Install the required modules:
$ pip install umap-learn
$ pip install hdbscan
$ pip install matplotlib
$ pip install numpy
Python code:
$ vi clustering.py
from sentence_transformers import SentenceTransformer
from umap import UMAP
from hdbscan import HDBSCAN
import matplotlib.pyplot as plt
import numpy as np
# load embedding model
embedding_model = SentenceTransformer("sentence-transformers/all-MiniLM-L12-v2")
# generate embeddings
texts = ['cats', 'dogs', 'elephants', 'birds', 'cars', 'trains', 'planes']
embeddings = embedding_model.encode(texts)
print(f'Number of embedded documents and their dimensions: {embeddings.shape}')
# reduce the embeddings dimensions
reduced_embeddings = UMAP(n_components=5, random_state=42).fit_transform(embeddings)
print(f'Number of embedded documents and their reduced dimensions: {reduced_embeddings.shape}')
# create an hdbscan object and fit the model to the data
cluster_labels = HDBSCAN(min_cluster_size=2, metric='euclidean').fit_predict(reduced_embeddings)
# get the number of clusters (excluding noise points labeled as -1)
n_clusters = len(set(cluster_labels)) - (1 if -1 in cluster_labels else 0)
n_noise = list(cluster_labels).count(-1)
print(f'Number of clusters: {n_clusters}')

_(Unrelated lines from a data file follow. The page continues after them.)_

(* Let $n\ge1$, let $\Gamma$ be a set of formulas and $\alpha$ a formula, and suppose there are distinct propositional variables $p_1,\dots,p_n$ not occurring in $\Gamma\cup\{\alpha\}$. If $\Gamma\nvdash_n\alpha$, then $\Gamma\nvDash_n\alpha$.
   Context: Formulas are built from a countably infinite set of propositional variables and $\bot$ using $\land,\lor,\to$; $\neg\alpha:=\alpha\to\bot$; intuitionistic Kripke semantics with valuations assigning upward-closed sets. $\mathfrak{F}_n=\langle\wp^*(n),\supseteq\rangle$, where $n=\{0,\dots,n-1\}$ and $\wp^*(n)$ is the set of non-empty subsets of $n$; its root is $n$. $\Gamma\vDash_n\varphi$ means: for every valuation $V$ on $\mathfrak{F}_n$, if $\mathfrak{F}_n,V,n\vDash\gamma$ for all $\gamma\in\Gamma$ then $\mathfrak{F}_n,V,n\vDash\varphi$. $\mathbf{ML}_n$ is the smallest superintuitionistic logic (containing intuitionistic propositional logic, closed under modus ponens and uniform substitution) that contains all instances of $\boldsymbol{kp}$: $(\neg p\to q\lor r)\to(\neg p\to q)\lor(\neg p\to r)$ and $\boldsymbol{bd}_n$: $p_n\lor(p_n\to(p_{n-1}\lor(p_{n-1}\to(\cdots(p_1\lor(p_1\to\bot))\cdots))))$, and is closed under the rule $\boldsymbol{Ed}_n$: from $\alpha\to(\beta\lor\bigvee_{i=1}^n\neg\lambda_i)$ infer $\alpha\to\beta$, where $p_1,\dots,p_n$ are distinct variables not occurring in $\alpha$ or $\beta$ and $\lambda_i=p_i\land\bigwedge_{j\neq i}\neg p_j$. $\Gamma\vdash_n\varphi$ means there are finitely many $\gamma_1,\dots,\gamma_k\in\Gamma$ with $\bigwedge_i\gamma_i\to\varphi\in\mathbf{ML}_n$. *)

From mathcomp Require Import all_boot.
Set Implicit Arguments. Unset Strict Implicit. Unset Printing Implicit Defensive.

Inductive form : Type :=
| Var : nat -> form
| Bot : form
| And : form -> form -> form
| Or  : form -> form -> form
| Imp : form -> form -> form.

Definition Neg (a : form) : form := Imp a Bot.
Definition Top : form := Imp Bot Bot.

Fixpoint vars (f : form) : seq nat :=
  match f with
  | Var p => [:: p]
  | Bot => [::]
  | And a b | Or a b | Imp a b => vars a ++ vars b
  end.

Fixpoint subst (s : nat -> form) (f : form) : form :=
  match f with
  | Var p => s p
  | Bot => Bot
  | And a b => And (subst s a) (subst s b)
  | Or a b => Or (subst s a) (subst s b)
  | Imp a b => Imp (subst s a) (subst s b)
  end.

Fixpoint bigAnd (l : seq form) : form :=
  match l with [::] => Top | a :: l' => And a (bigAnd l') end.
Fixpoint bigOr (l : seq form) : form :=
  match l with [::] => Bot | a :: l' => Or a (bigOr l') end.

(* Worlds are sets w : {set 'I_n} with w != set0; v is above w iff v ⊆ w. *)
Definition persistent (n : nat) (V : nat -> {set 'I_n} -> Prop) : Prop :=
  forall p (w v : {set 'I_n}), w != set0 -> v != set0 -> v \subset w ->
    V p w -> V p v.

Fixpoint sat (n : nat) (V : nat -> {set 'I_n} -> Prop) (w : {set 'I_n})
  (f : form) : Prop :=
  match f with
  | Var p => V p w
  | Bot => False
  | And a b => sat V w a /\ sat V w b
  | Or a b => sat V w a \/ sat V w b
  | Imp a b => forall v : {set 'I_n}, v != set0 -> v \subset w ->
                 sat V v a -> sat V v b
  end.

(* Gamma |=_n phi : truth at the root n = [set: 'I_n] is preserved. *)
Definition sem_cons (n : nat) (Gamma : form -> Prop) (phi : form) : Prop :=
  forall V : nat -> {set 'I_n} -> Prop, persistent V ->
    (forall g, Gamma g -> sat V [set: 'I_n] g) -> sat V [set: 'I_n] phi.

Definition kp (p q r : form) : form :=
  Imp (Imp (Neg p) (Or q r)) (Or (Imp (Neg p) q) (Imp (Neg p) r)).

Fixpoint bd (f : nat -> form) (k : nat) : form :=
  match k with
  | 0 => Bot
  | k'.+1 => Or (f k'.+1) (Imp (f k'.+1) (bd f k'))
  end.

Definition lam (ps : seq nat) (x : nat) : form :=
  And (Var x) (bigAnd [seq Neg (Var y) | y <- ps & y != x]).

Inductive ML (n : nat) : form -> Prop :=
| ax1 a b : ML n (Imp a (Imp b a))
| ax2 a b c : ML n (Imp (Imp a (Imp b c)) (Imp (Imp a b) (Imp a c)))
| ax3 a b : ML n (Imp (And a b) a)
| ax4 a b : ML n (Imp (And a b) b)
| ax5 a b : ML n (Imp a (Imp b (And a b)))
| ax6 a b : ML n (Imp a (Or a b))
| ax7 a b : ML n (Imp b (Or a b))
| ax8 a b c : ML n (Imp (Imp a c) (Imp (Imp b c) (Imp (Or a b) c)))
| ax9 a : ML n (Imp Bot a)
| axkp p q r : ML n (kp p q r)
| axbd f : ML n (bd f n)
| mp a b : ML n (Imp a b) -> ML n a -> ML n b
| usubst s a : ML n a -> ML n (subst s a)
| ed (ps : seq nat) a b : size ps = n -> uniq ps ->
    (forall x, x \in ps -> x \notin vars a /\ x \notin vars b) ->
    ML n (Imp a (Or b (bigOr [seq Neg (lam ps x) | x <- ps]))) ->
    ML n (Imp a b).

(* list membership (form has no eqType instance here) *)
Fixpoint inl (g : form) (l : seq form) : Prop :=
  match l with [::] => False | a :: l' => a = g \/ inl g l' end.

Definition derives (n : nat) (Gamma : form -> Prop) (phi : form) : Prop :=
  exists gs : seq form, (forall g, inl g gs -> Gamma g) /\ ML n (Imp (bigAnd gs) phi).
Lemma ef_inv_sat f m xs w nu w' nu' :
  preds_in (fun L => List.In L Pi) f -> (forall x, free_in x f -> x \in xs) ->
  qdepth f <= m -> ef_inv m w nu w' nu' xs -> (sat w nu f <-> sat w' nu' f).
Proof.
elim: f m xs w nu w' nu' =>
  [||a t|t1 t2|t1 t2|L t|g IH|g IHg h IHh|g IHg h IHh|g IHg h IHh|x g IH|x g IH]
  m xs w nu w' nu' /=; try by [].
- by move=> _ /term_tracked in_t _ /ef_inv_label; apply.
- move=> _ fv _ [_ lt_eq _ _].
  by rewrite lt_eq // term_tracked // => y fy; apply: fv; rewrite fy ?orbT.
- move=> _ fv _ inv.
  have [in1 in2] : t1 \in tracked xs /\ t2 \in tracked xs.
    by split; apply: term_tracked => y fy; apply: fv; rewrite fy ?orbT.
  have eq_eq := ef_inv_eq inv in1 in2.
  by split=> /eqP; [rewrite eq_eq | rewrite -eq_eq] => /eqP.
- by move=> inL /term_tracked in_t _ /ef_inv_pred; apply.
- by move=> Pg fv qg inv; rewrite (IH m xs w nu w' nu').
1-3: move=> [Pg Ph] fv; rewrite geq_max => /andP [qg qh] inv;
  have fvg y : free_in y g -> y \in xs by move=> fy; apply: fv; rewrite fy.
1-3: have fvh y : free_in y h -> y \in xs by move=> fy; apply: fv; rewrite fy orbT.
1-3: by rewrite (IHg m xs w nu w' nu') ?(IHh m xs w nu w' nu').
all: case: m => [//|m] Pg fv; rewrite ltnS => qg inv.
all: have fvg y : free_in y g -> y \in x :: xs
       by move=> fy; rewrite inE; case: eqP => //= /eqP neq; apply: fv; rewrite eq_sym neq.
all: have IHg i i' : ef_inv m w (upd nu x i) w' (upd nu' x i') (x :: xs) ->
         sat w (upd nu x i) g <-> sat w' (upd nu' x i') g by move=> inv'; apply: (IH m (x :: xs)).
all: have IHg' i i' : ef_inv m w' (upd nu' x i') w (upd nu x i) (x :: xs) ->
         sat w (upd nu x i) g <-> sat w' (upd nu' x i') g
       by move=> inv'; apply: iff_sym; apply: (IH m (x :: xs)).
- split=> [[i [le_i sat_i]] | [i' [le_i' sat_i']]].
    have [i' le_i' /IHg eq_sat] := ef_inv_ext x inv le_i.
    by exists i'; split=> //; apply/eq_sat.
  have [i le_i /IHg' eq_sat] := ef_inv_ext x (ef_inv_sym inv) le_i'.
  by exists i; split=> //; apply/eq_sat.
- split=> [sat_all i' le_i' | sat_all i le_i].
    by have [i le_i /IHg' <-] := ef_inv_ext x (ef_inv_sym inv) le_i'; apply: sat_all.
  by have [i' le_i' /IHg ->] := ef_inv_ext x inv le_i; apply: sat_all.
Qed.
Lemma defines_face_setD (alpha : S -> 'rV[R]_n) (T N : {set S}) (z : 'rV[R]_n) :
  defines_face alpha T -> N \subset T ->
  (forall s, s \in T :\: N -> pairing (alpha s) z = 0) ->
  (forall s, s \in N -> pairing (alpha s) z < 0) ->
  defines_face alpha (T :\: N).
Proof.
move=> [x x_face] NT z_eq0 z_lt0.
pose q s := pairing (alpha s) z / - pairing (alpha s) x.
pose K := 1 + \big[Num.max/0]_(s | s \notin T) q s.
exists (K *: x + z) => s; rewrite pairingD pairingZ.
have [x_eq0 x_lt0] := x_face s.
have [sT|sT] := boolP (s \in T).
  rewrite x_eq0 // mulr0 add0r !inE sT andbT.
  case: (boolP (s \in N)) => sN; split=> // _; first exact: z_lt0.
  by apply: z_eq0; rewrite !inE sN sT.
rewrite !inE (negbTE sT) andbF; split=> // _.
have ax := x_lt0 sT.
have qK : q s <= \big[Num.max/0]_(t | t \notin T) q t := le_bigmax_cond 0 q sT.
have : q s < K by apply: le_lt_trans qK _; rewrite ltrDr ltr01.
rewrite ltr_pdivrMr ?oppr_gt0 // => zK; lra.
Qed.

Lemma defines_face_setD_nonzero_components (alpha v : S -> 'rV[R]_n)
    (T N : {set S}) :
  is_cartan (cartan_of alpha v) -> defines_face alpha T -> N \subset T ->
  (forall s t, s \in T :\: N -> t \in N -> cartan_of alpha v s t = 0) ->
  (forall s, s \in N -> ~ zero_type
     (subA (cartan_of alpha v) (component (cartan_of alpha v) N s))) ->
  defines_face alpha (T :\: N).
Proof.
move=> [A_diag [A_offdiag [A_zero_sym _]]] T_face NT N_orth N_nonzero.
have [[c c_lt0]|[y [y_ge0 [i0 y_gt0] y_null]]] :=
  gordan (fun i : 'I_#|N| => cartan_of alpha v (enum_val i)) (enum_uniq N).
  apply: (defines_face_setD (z := \sum_(t in N) c t *: v t) T_face NT) => s sN.
    rewrite pairing_sum big1 // => t tN.
    by rewrite pairingZ [pairing _ _](N_orth s t sN tN) mulr0.
  rewrite pairing_sum; under eq_bigr do rewrite pairingZ mulrC.
  by have := c_lt0 (enum_rank_in sN s); rewrite enum_rankK_in // big_enum.
have s0N := enum_valP i0; set s0 := enum_val i0 in s0N.
pose w s := if s \in N then y (enum_rank_in s0N s) else 0.
case: (N_nonzero s0 s0N).
apply: (zero_type_component_of_null_vector A_diag A_offdiag A_zero_sym (y := w)).
- by move=> s sN; rewrite /w sN.
- move=> t tN; rewrite -[RHS](y_null t) ?mem_enum // big_enum_val.
  by apply: eq_bigr => i _; rewrite /w enum_valP enum_valK_in.
- exact: s0N.
- by rewrite /w s0N enum_valK_in.
Qed.
Lemma normr_Rintegral_le (D : set T) (f : T -> R) (M : R) :
  \int[mu]_(x in D) `|f x|%:E <= M%:E -> (`|Rintegral mu D f| <= M)%R.
Proof.
move=> hM; rewrite /Rintegral integralE.
have hpart (g : T -> \bar R) : (forall x, 0 <= g x) ->
    (forall x, g x <= `|(EFin \o f) x|) ->
    0 <= \int[mu]_(x in D) g x <= M%:E.
  move=> g0 gf; rewrite integral_ge0 //=; apply: le_trans hM.
  by apply: ge0_le_integral_subset.
have fabs x : `|(EFin \o f) x| = (EFin \o f)^\+ x + (EFin \o f)^\- x.
  exact: (congr1 (fun g => g x) (fune_abse (EFin \o f))).
have /andP[p0 pM] : 0 <= \int[mu]_(x in D) (EFin \o f)^\+ x <= M%:E.
  by apply: hpart => [x|x]; rewrite ?funepos_ge0 // fabs leeDl // funeneg_ge0.
have /andP[q0 qM] : 0 <= \int[mu]_(x in D) (EFin \o f)^\- x <= M%:E.
  by apply: hpart => [x|x]; rewrite ?funeneg_ge0 // fabs leeDr // funepos_ge0.
move: p0 pM q0 qM.
set p := \int[mu]_(x in D) _^\+ x; set q := \int[mu]_(x in D) _^\- x.
move=> p0 pM q0 qM.
have fp : p \is a fin_num by rewrite ge0_fin_numE // (le_lt_trans pM) ?ltry.
have fq : q \is a fin_num by rewrite ge0_fin_numE // (le_lt_trans qM) ?ltry.
rewrite -(fineK fp) -(fineK fq) -EFinB /= !lee_fin in p0 pM q0 qM *.
by rewrite ler_norml; apply/andP; split; lra.
Qed.

End NonnegIntegral.

Section UnitInterval.
Context {R : realType}.
Local Notation D := (`[(-1 : R)%R, 0%R]%classic : set R).

Lemma measurable_itv_m10 : measurable D.
Proof. exact: measurable_itv. Qed.

Lemma integral_itv_m10_cst (c : R) : (\int[lebesgue_measure]_(t in D) c%:E = c%:E)%E.
Proof.
have mD : lebesgue_measure D = 1%:E.
  by rewrite lebesgue_measure_itv /= lte_fin ltrN10 -EFinD opprK add0r.
by rewrite integral_cst ?measurable_itv_m10 // [X in (_ * X)%E](_ : _ = 1%:E) ?mule1.
Qed.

print(f'Number of noise points: {n_noise}')
# print cluster results
for cluster_id in set(cluster_labels):
if cluster_id == -1:
print(f"\nNoise points:")
else:
print(f"\nCluster {cluster_id}:")
cluster_indices = np.where(cluster_labels == cluster_id)[0]
for index in cluster_indices:
print(f'- {texts[index]}')
# plot the results (using first 2 components for visualization)
plt.figure(figsize=(10, 8))
scatter = plt.scatter(reduced_embeddings[:, 0], reduced_embeddings[:, 1],
c=cluster_labels, cmap='Spectral', s=100)
plt.colorbar(scatter)
plt.title('HDBSCAN Clustering Results')
plt.xlabel('UMAP Component 1')
plt.ylabel('UMAP Component 2')
# annotate points with text labels
for i, text in enumerate(texts):
plt.annotate(text, (reduced_embeddings[i, 0], reduced_embeddings[i, 1]),
xytext=(5, 5), textcoords='offset points', fontsize=9)
plt.tight_layout()
plt.savefig('hdbscan_cluster_plot.png', dpi=300, bbox_inches='tight')
print("\nPlot saved as 'hdbscan_cluster_plot.png'")
Run the Python script:
$ python3 clustering.py
Output:
Number of embedded documents and their dimensions: (7, 384)
Number of embedded documents and their reduced dimensions: (7, 5)
Number of clusters: 2
Number of noise points: 0
Cluster 0:
- cats
- dogs
- elephants
- birds
Cluster 1:
- cars
- trains
- planes
Plot saved as 'hdbscan_cluster_plot.png'
Chart of the clusters: hdbscan_cluster_plot.png